Até meados de 1977, as expressões "até que a morte nos separe" e "o que Deus uniu, o homem não separa" eram muito mais do que chavões: representavam a realidade de um país cuja população era predominantemente católica e conservadora, e que via o casamento como um sacramento, uma união indissolúvel. Naquele ano, com a promulgação da Emenda Constitucional n.º 9 e posterior advento da Lei n.º 6.515, foi estabelecida a figura do divórcio, o qual, nos exatos termos do artigo 24, "põe termo ao casamento e aos efeitos civis do matrimônio religioso."
A Lei do Divórcio disciplinou a matéria e promoveu alterações no Código Civil de 1916 e Código de Processo Civil de 1973. Assim, o fim do matrimônio passava necessariamente por duas etapas distintas: enquanto a separação judicial colocava termo à sociedade conjugal, o divórcio dissolvia o vínculo matrimonial.
Até a Emenda Constitucional n.º 66/2010, havia prazos a serem observados: o casal devia provar que estava separado judicialmente há 01 (um) ano para que a separação fosse convertida em divórcio, ou separado de fato há 02 (dois) anos para a decretação do divórcio direto. Com a nova redação dada ao § 6.º do artigo 226 da Constituição Federal de 1988, atualmente "o casamento civil pode ser dissolvido pelo divórcio", sem a necessidade de prévia separação judicial ou de fato.
Sobre o assunto, temos ainda a Lei n.º 11.441/2007, que surgiu no ordenamento jurídico brasileiro com o intuito de desafogar o Poder Judiciário, bem como agilizar a realização de procedimentos mais simples através da via administrativa, ou seja, por meio de escritura pública a ser lavrada em Tabelionato - caso da Separação, Divórcio e Partilha Extrajudicial , tema sobre o qual já escrevemos aqui no blog (clique no link).
Em 2019, uma nova modalidade de divórcio surgiu e vem se firmando em nossos Tribunais: o divórcio liminar unilateral ou impositivo. Ao conceder pedido de urgência formulado por uma das partes, o Magistrado decreta a dissolução do vínculo matrimonial antes da manifestação do outro cônjuge (ou até mesmo de sua citação no processo), em sede de tutela antecipada.
Embora o Código de Processo Civil de 2015 nada diga a respeito, os Juízes têm aplicado as disposições referentes à tutela provisória de evidência - por se tratar de direito potestativo e incondicional, bastando a manifestação de vontade inequívoca da parte, sendo dispensável o contraditório. Assim:
Art. 300. A tutela de urgência será concedida quando houver elementos que evidenciem a probabilidade do direito e o perigo de dano ou o risco ao resultado útil do processo.
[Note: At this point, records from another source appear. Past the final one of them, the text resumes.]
Lemma aut_NoDup G f l : is_aut G f -> NoDup l -> NoDup (map f l).
Proof.
  intros Hf. induction 1 as [|x l Hx _ IH]; constructor; [|exact IH].
  intro H. exact (Hx (aut_In G f x l Hf H)).
Qed.

Lemma aut_copy G f v a b c d : is_aut G f -> D5_copy G v a b c d ->
  D5_copy G (f v) (f a) (f b) (f c) (f d).
Proof.
  intros Hf [N [Ha [Hb [Hc Hd]]]].
  split; [exact (aut_NoDup G f _ Hf N)|].
  repeat split; apply aut_adj; assumption.
Qed.

Lemma exists_not_In {A} (l e : list A) : NoDup l -> length e < length l ->
  exists x, In x l /\ ~ In x e.
Proof.
  intros N Hlen. apply NNPP. intro H.
  assert (Hincl : incl l e) by (intros x Hx; apply NNPP; eauto).
  pose proof (NoDup_incl_length N Hincl). lia.
Qed.

Lemma connected_closed_all G (P : V G -> Prop) x : connected G -> P x ->
  (forall y z, P y -> adj G y z -> P z) -> forall z, P z.
Proof.
  intros conn Hx Hcl z. specialize (conn x z). apply clos_rt_rt1n in conn.
  induction conn; eauto.
Qed.

Ltac nodup_facts :=
  repeat match goal with
  | H : NoDup (_ :: _) |- _ => apply NoDup_cons_iff in H as [? H]
  | H : NoDup [] |- _ => clear H
  | H : D5_copy _ _ _ _ _ _ |- _ => destruct H as [? [? [? [? ?]]]]
  end; simpl in *.

Ltac prove_NoDup := repeat constructor; simpl; intuition (subst; auto).

Ltac prove_copy :=
  split; [prove_NoDup | repeat split; first [assumption | apply adj_sym; assumption]].

Definition D5_extendable (G : graph) : Prop := exists v a b c d z,
  D5_copy G v a b c d /\ ~ In z [v; a; b; c; d] /\ (adj G v z \/ adj G c z).

Definition degree_ge3 (G : graph) : Prop :=
  forall (w : V G) (l : list (V G)), length l <= 2 -> exists z, adj G w z /\ ~ In z (w :: l).

Definition nbrs_in (G : graph) (x : V G) (S : list (V G)) : Prop :=
  forall z, adj G x z -> In z S.

Lemma nbrs_in_incl G x S S' : incl S S' -> nbrs_in G x S -> nbrs_in G x S'.
Proof. intros HS H z Hz. exact (HS z (H z Hz)). Qed.

Lemma degree_ge3_of_vt G : vertex_transitive G -> contains_D5 G -> degree_ge3 G.
Proof.
  intros vt [v [a [b [c [d C]]]]] w l Hl.
  destruct (vt v w) as [f [Hf <-]].
  destruct (aut_copy G f v a b c d Hf C) as [N [Ha [Hb [Hc _]]]].
  apply (NoDup_app_remove_r [f v; f a; f b; f c] [f d]) in N.
  destruct (exists_not_In _ (f v :: l) N) as [z [Hz Hzl]]; [simpl; lia|].
  exists z. split; [|exact Hzl].
  simpl in Hz, Hzl. destruct Hz as [<-|[<-|[<-|[<-|[]]]]]; tauto.
Qed.

Section NotExtendable.
Variable G : graph.
Hypothesis deg : degree_ge3 G.
Hypothesis conn : connected G.
Hypothesis six : more_than_five_vertices G.
Hypothesis not_ext : ~ D5_extendable G.

Lemma nbrs_in_center v a b c d : D5_copy G v a b c d -> nbrs_in G v [v; a; b; c; d].
Proof. intros C z Hz. apply NNPP. intro Hout. apply not_ext. exists v, a, b, c, d, z. auto. Qed.

Lemma nbrs_in_middle v a b c d : D5_copy G v a b c d -> nbrs_in G c [v; a; b; c; d].
Proof. intros C z Hz. apply NNPP. intro Hout. apply not_ext. exists v, a, b, c, d, z. auto. Qed.

Lemma four_star_nbrs_in x p q r s : NoDup [x; p; q; r; s] ->
  adj G x p -> adj G x q -> adj G x r -> adj G x s -> nbrs_in G s [x; p; q; r; s].
Proof.
  intros N Hp Hq Hr Hs z Hz. apply NNPP. intro Hout.
  assert (C : D5_copy G x p q s z) by (nodup_facts; prove_copy).
  pose proof (nbrs_in_center _ _ _ _ _ C r Hr). nodup_facts. intuition congruence.
Qed.

Lemma adj_sibling_of_not_adj x p q r : NoDup [x; p; q; r] ->
  adj G x p -> adj G x q -> adj G x r -> ~ adj G r q -> adj G r p.
Proof.
  intros N Hp Hq Hr Hrq. apply NNPP. intro Hrp.
  destruct (deg r [x] ltac:(simpl; lia)) as [z [Hz Hzx]].
  destruct (deg r [x; z] ltac:(simpl; lia)) as [z' [Hz' Hz'x]].
  assert (C : D5_copy G x p q r z).
  { nodup_facts. prove_copy. }
  pose proof (nbrs_in_middle _ _ _ _ _ C z' Hz'). nodup_facts. intuition (subst; auto).
Qed.

Lemma closed_five_False v a b c d :
  (forall x, In x [v; a; b; c; d] -> nbrs_in G x [v; a; b; c; d]) -> False.
Proof.
  intros Hcl. destruct six as [l [N Hl]].
  assert (all : forall z, In z [v; a; b; c; d]).
  { apply (connected_closed_all G _ v conn); [simpl; auto|].
    intros y z Hy Hyz. exact (Hcl y Hy z Hyz). }
  pose proof (NoDup_incl_length N (fun z _ => all z)). simpl in *. lia.
Qed.

Ltac close_five v a b c d Nv Na Nb Nc Nd :=
  apply (closed_five_False v a b c d); simpl;
  intros x [<-|[<-|[<-|[<-|[<-|[]]]]]];
  [ revert Nv | revert Na | revert Nb | revert Nc | revert Nd ];
  apply nbrs_in_incl; intros y; simpl; tauto.

Lemma copy_with_chord_False v a b c d :
  D5_copy G v a b c d -> adj G c a -> ~ adj G v d -> False.
Proof.
  intros C Hca Hvd.
  pose proof (nbrs_in_center _ _ _ _ _ C) as Nv. pose proof (nbrs_in_middle _ _ _ _ _ C) as Nc.
  pose proof C as [N [Hva [Hvb [Hvc Hcd]]]].
  destruct (classic (adj G c b)) as [Hcb|Hcb].
  - assert (Na : nbrs_in G a [c; v; b; d; a])
      by (apply four_star_nbrs_in; auto using adj_sym; nodup_facts; prove_NoDup).
    assert (Nb : nbrs_in G b [c; v; a; d; b])
      by (apply four_star_nbrs_in; auto using adj_sym; nodup_facts; prove_NoDup).
    assert (Nd : nbrs_in G d [c; v; a; b; d])
      by (apply four_star_nbrs_in; auto using adj_sym; nodup_facts; prove_NoDup).
    close_five v a b c d Nv Na Nb Nc Nd.
  - assert (Hba : adj G b a).
    { apply (adj_sibling_of_not_adj v a c b); auto using adj_sym. nodup_facts; prove_NoDup. }
    assert (Hda : adj G d a).
    { apply (adj_sibling_of_not_adj c a v d); auto using adj_sym. nodup_facts; prove_NoDup. }
    assert (Na : nbrs_in G a [a; v; b; c; d])
      by (apply (nbrs_in_center a v b c d); nodup_facts; prove_copy).
    assert (Nb : nbrs_in G b [a; v; c; d; b])
      by (apply four_star_nbrs_in; auto using adj_sym; nodup_facts; prove_NoDup).
    assert (Nd : nbrs_in G d [a; v; c; b; d])
      by (apply four_star_nbrs_in; auto using adj_sym; nodup_facts; prove_NoDup).
    close_five v a b c d Nv Na Nb Nc Nd.
Qed.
Art. 311. A tutela da evidência será concedida, independentemente da demonstração de perigo de dano ou de risco ao resultado útil do processo, quando:
(...)
II - as alegações de fato puderem ser comprovadas apenas documentalmente e houver tese firmada em julgamento de casos repetitivos ou em súmula vinculante;
(...)
IV - a petição inicial for instruída com prova documental suficiente dos fatos constitutivos do direito do autor, a que o réu não oponha prova capaz de gerar dúvida razoável.
Em razão da pandemia do coronavírus, estima-se que o número de divórcios aumente consideravelmente, face a necessidade de convivência maior do casal por conta do isolamento social. Sozinhos e confinados, acabam aflorando os conflitos e as diferenças se tornam gritantes, podendo a coabitação chegar ao ponto de se mostrar insustentável. Há de se atentar também para a relação entre Distanciamento Social e Violência Doméstica (clique no link).
Além de ser perfeitamente aplicável às situações de agressão contra a mulher - em que a separação se mostra urgente e necessária -, a decretação do divórcio liminar unilateral também cabe nos casos em que uma das partes se nega a encerrar o vínculo formalmente - muitas vezes por pura e simples implicância, ou se encontra em local incerto/ não sabido, gerando transtornos àquele(a) que pretende seguir a vida sozinho ou com um novo cônjuge/ companheiro.
O casamento, que até o final dos anos 70 tinha ares de imutabilidade, em que não raro os cônjuges sujeitavam-se a uma vida de infelicidade, fadados ao sofrimento perpétuo em face da proibição de rompimento do vínculo, hoje tem como única "amarra" os laços de AMOR. Assim, nos dias atuais a longevidade do matrimônio está intimamente ligada à ideia de construção, manutenção e fortalecimento das conexões de afeto.